Sul caso è intervenuta la Corte di Giustizia Tributaria di Roma secondo la quale la fattura è diretta a rideterminare un corrispettivo stabilito nel contratto di compravendita dell’energia elettrica, costituendo un onere che non può qualificarsi come un tributo.

Atti impugnabili: elenco tassativo

La giurisdizione delle Corti di Giustizia Tributaria presuppone la natura tributaria della controversia, essendo stata dichiarata l’illegittimità della norma che riserva alle CT anche la cognizione delle sanzioni comunque irrogate dagli uffici finanziari. La giurisdizione tributaria si configura come giurisdizione di natura generale, che si radica indipendentemente dalla specie dell’atto impugnato, ferma la riconducibilità di quest’ultimo alle categorie indicate tassativamente all’art. 19 del D.Lgs. n. 546 del 1992. L’art. 19, comma 1, del d.lgs n. 546/1992 elenca espressamente gli atti che sono impugnabili e che rientrano nella competenza del giudice tributario. Secondo tale disposizione sono impugnabili:

  1. l’avviso di accertamento del tributo;
  2. l’avviso di liquidazione del tributo;
  3. il provvedimento che irroga le sanzioni;
  4. il ruolo e la cartella di pagamento;
  5. l’avviso di mora;
    e-bis) l’iscrizione di ipoteca sugli immobili, ecc. Il successivo comma 2 (modificato dall’art. 4 legge n. 130/2022), prevede che tutti gli atti espressi di cui al comma 1 devono contenere l’indicazione del termine entro il quale il ricorso deve essere proposto e della corte di giustizia tributaria di primo e secondo grado competente, nonché delle relative forme da osservare ai sensi dell’art. 20.

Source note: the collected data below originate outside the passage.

Lemma inM_Mraw_mul q r : inM R q -> inM R r -> inM R (Mraw_mul (@app A) (projMul S) R q r).
Proof.
  intros hq hr. apply inM_ple. rewrite Mraw_mul_val by auto.
  apply inM_ple in hr. destruct q as [x s], r as [y t]. simpl in *.
  rewrite wval_app, plus_projection_mul_projection by apply Proj_projection.
  eapply ple_trans; [apply ple_mulr, plus_projection |].
  apply ple_plus_mul_projection; auto using Proj_projection.
Qed.

Lemma M_closed_word_action : M_closed (@app A) (@nil A) (projMul S) (projOne S) R.
Proof.
  split; [apply inM_nil | split; [exact inM_Mraw_mul | split; apply inM_nil]].
Qed.

Local Notation Mc := (Mcar R).
Local Notation MM := (Mmul (@app A) (projMul S) R).
Local Notation MS := (Mstar (@nil A) R).
Local Notation MP := (Mplus (@nil A) R).

Definition px (q : Mc) : S := proj1_sig (fst (proj1_sig q)).
Definition ps (q : Mc) : list A := snd (proj1_sig q).
Definition phi (q : Mc) : S := px q ⋅ w (ps q).

Lemma px_projection q : projection (px q). Proof. apply Proj_projection. Qed.

Lemma px_ple q : ple (px q) ((w (ps q))^+). Proof. apply inM_ple, proj2_sig. Qed.

Lemma px_phi q : px q = (phi q)^+.
Proof. unfold phi. rewrite plus_projection_mul by apply px_projection. symmetry. apply px_ple. Qed.

Lemma px_of_star q : px q = (w (ps q) ⋅ (phi q)^*)^+.
Proof. symmetry. apply plus_mul_star; [apply px_projection | apply px_ple]. Qed.

Lemma Mc_eq_px q r : px q = px r -> ps q = ps r -> q = r.
Proof.
  destruct q as [[e s] hq], r as [[f t] hr]. unfold px, ps. simpl. intros hpx hps.
  apply sig_inj. simpl. f_equal; [apply sig_inj |]; assumption.
Qed.

Lemma Mc_eq q r : phi q = phi r -> ps q = ps r -> q = r.
Proof. intros hphi hps. apply Mc_eq_px; [rewrite !px_phi, hphi |]; auto. Qed.

Lemma Mc_projection_eq q r : ps q = nil -> ps r = nil -> phi q = phi r -> q = r.
Proof. intros hq hr hphi. apply Mc_eq; [exact hphi | rewrite hq, hr; reflexivity]. Qed.

Lemma MM_val q r : proj1_sig (MM q r) = Mraw_mul (@app A) (projMul S) R (proj1_sig q) (proj1_sig r).
Proof.
  unfold Mmul. destruct excluded_middle_informative as [? | nin]; [reflexivity |].
  exfalso. apply nin, inM_Mraw_mul; apply proj2_sig.
Qed.

Lemma MS_val q : proj1_sig (MS q) = Mraw_star (@nil A) R (proj1_sig q).
Proof.
  unfold Mstar. destruct excluded_middle_informative as [? | nin]; [reflexivity |].
  exfalso. apply nin, inM_nil.
Qed.

Lemma MP_val q : proj1_sig (MP q) = Mraw_plus (@nil A) (proj1_sig q).
Proof.
  unfold Mplus. destruct excluded_middle_informative as [? | nin]; [reflexivity |].
  exfalso. apply nin, inM_nil.
Qed.

Lemma px_mul q r : px (MM q r) = (phi q ⋅ px r)^+.
Proof. unfold px. rewrite MM_val, Mraw_mul_val by apply proj2_sig. reflexivity. Qed.

Lemma ps_mul q r : ps (MM q r) = ps q ++ ps r.
Proof. unfold ps. rewrite MM_val. reflexivity. Qed.

Lemma px_star q : px (MS q) = (phi q)^*.
Proof. unfold px. rewrite MS_val. apply Mrev_val, proj2_sig. Qed.

Lemma ps_star q : ps (MS q) = nil.
Proof. unfold ps. rewrite MS_val. reflexivity. Qed.

Lemma px_plus q : px (MP q) = px q.
Proof. unfold px. rewrite MP_val. reflexivity. Qed.

Lemma ps_plus q : ps (MP q) = nil.
Proof. unfold ps. rewrite MP_val. reflexivity. Qed.

Lemma phi_nil q : ps q = nil -> phi q = px q.
Proof. intro hq. unfold phi. rewrite hq. apply mulr1. Qed.

Lemma phi_mul q r : phi (MM q r) = phi q ⋅ phi r.
Proof.
  unfold phi at 1. rewrite px_mul, ps_mul, wval_app. unfold phi.
  rewrite mulA, plus_projection_mul_projection by apply px_projection.
  rewrite <- (mulA (px q)), <- (mulA (px q)), <- projection_mulr by apply px_projection.
  rewrite !mulA. reflexivity.
Qed.

Lemma phi_star q : phi (MS q) = (phi q)^*.
Proof. rewrite phi_nil by apply ps_star. apply px_star. Qed.

Lemma phi_plus q : phi (MP q) = (phi q)^+.
Proof. rewrite phi_nil, px_plus by apply ps_plus. apply px_phi. Qed.

Lemma phi_surjective : (forall x, generated S g x) -> forall z, exists q : Mc, phi q = z.
Proof.
  intros hg z. destruct (generated_normal_form z (hg z)) as [e [s [he ->]]].
  assert (he' : projection (e ⋅ (w s)^+)) by (apply projection_mul; auto using plus_projection).
  assert (hin : inM R (Proj_of _ he', s)) by (apply inM_ple, ple_mulr, plus_projection).
  exists (exist _ _ hin). unfold phi, px, ps. simpl. rewrite <- mulA, (rm_5 _ HS). reflexivity.
Qed.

A seguito della riforma sul contenzioso tributario – di cui al d. lgs n. 220/2023 (GU n. 2 del 3.01.2024 di attuazione della delega per la riforma fiscale, in vigore dal 4.01.2024 -, il legislatore ha previsto tra gli atti impugnabili elencati al citato art. 19 d lg n. 546/1992, la possibilità di impugnare anche…

…“il rifiuto espresso o tacito sull’istanza di autotutela nei casi previsti dall’art. 10-quater della legge 212/2000(lett. g-bis), nonché ilrifiuto espresso sull’istanza di autotutela nei casi previsti dall’art. 10-quinquiesdella stessa (lett. g-ter).

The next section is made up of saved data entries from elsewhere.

(* The coefficient of [X^(t+1)] in [(X I + L) adj (X I + L) = char_poly (-L) I]. *)
Lemma adj_coef_rec t :
  (t < n)%N -> adj_coef t + L *m adj_coef t.+1 = (sigma W (n - t.+1))%:M.
Proof.
move=> t_lt_n; apply/matrixP => i j.
have := congr1 (fun M : 'M[{poly R}]_n => (M i j)`_t.+1)
  (mul_mx_adj (char_poly_mx (- L))).
rewrite /= [in X in X = _ -> _]mxE [in X in _ = X -> _]mxE coef_sum coefMn.
rewrite coef_char_poly_oppL //.
under eq_bigr do rewrite char_poly_mx_oppL_mxE coefS_XmulnDC_mul !coef_adj_char_poly_mx.
rewrite big_split /= => coef_ij; rewrite [RHS]mxE -coef_ij [LHS]mxE [X in _ + X]mxE.
congr (_ + _); rewrite (bigD1 i) //= eqxx mulr1n big1 ?addr0 // => k /negPf.
by rewrite eq_sym => ->; rewrite mulr0n.
Qed.

Lemma adj_coef_lt_dim t : (t.+1 < d)%N -> adj_coef t = 0.
Proof.
move=> t_lt_d; apply/matrixP => i j.
rewrite !mxE big1 // => g /andP [g_acyc /eqP roots_t].
rewrite cofactor_weight_prune.
have [pos | /(forest_weight_eq0 W_ge0) ->] := boolP (positive_arcs W (prune j g)).
  2: by rewrite mul0r.
have := @inforest_dim_le _ _ W (arcs_of (prune j g)).
rewrite inforest_arcs_of pos acyclic_prune // ntrees_arcs_of card_roots_prune roots_t.
by move=> /(_ isT); rewrite leqNgt t_lt_d.
Qed.

Lemma adj_coef_closed m :
  (m < n)%N -> adj_coef (n - m.+1)%N = \sum_(j < m.+1) sigma W j *: (- L) ^+ (m - j)%N.
Proof.
elim: m => [|m IHm] m_lt_n.
  have := adj_coef_rec (t := n.-1) ltac:(lia).
  rewrite (adj_coef_ge (t := n.-1.+1)) ?mulmx0 ?addr0; last by lia.
  rewrite big_ord1 subnn expr0 scalemx1 (_ : n - 1 = n.-1)%N; last by lia.
  by rewrite (_ : n - n.-1.+1 = 0)%N //; lia.
have := adj_coef_rec (t := (n - m.+2)%N) ltac:(lia).
rewrite (_ : (n - m.+2).+1 = n - m.+1)%N ?IHm; [|lia|lia].
move=> /(canRL (addrK _)) ->; rewrite (_ : n - (n - m.+1) = m.+1)%N; last by lia.
rewrite [RHS]big_ord_recr /= subnn expr0 scalemx1 addrC -mulNmx mulmx_sumr.
congr (_ + _); apply: eq_bigr => k _; rewrite -scalemxAr.
by rewrite subSn ?exprS ?mulmxE // -ltnS.
Qed.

L’impugnazione dell’autotutela obbligatoria (lett. g-bis) e dell’autotutela facoltativa (lett. g-ter) non può essere finalizzata ad ottenere il rimborso di somme o l’annullamento dell’atto impositivo presupposto, ma la sentenza può soltanto disporre che l’ente impositore proceda ad effettuare il riesame della questione che è oggetto dell’istanza di autotutela.

 

Il caso: impugnazione della fattura elettronica avente ad oggetto la rettifica del prezzo di cessione del servizio elettrico

Nella fattispecie in esame, la società ricorrente ha proposto ricorso avverso la fattura emessa dalla società gestore di servizi energetici avente ad oggetto la rettifica del prezzo di cessione dell’energia ai sensi dell’art. 15 bis del decreto legge n. 4 del 27/01/2022.

La società, ritenendo che la predetta fattura fosse qualificabile come atto tributario, ha eccepito l’illegittimità della stessa derivata per incostituzionalità dell’art. 15-bis del citato decreto n. 4/2022.

La società dal canto suo ha sostenuto in primis un difetto di giurisdizione del giudice tributario adito, chiedendo l’inammissibilità o il rigetto del ricorso.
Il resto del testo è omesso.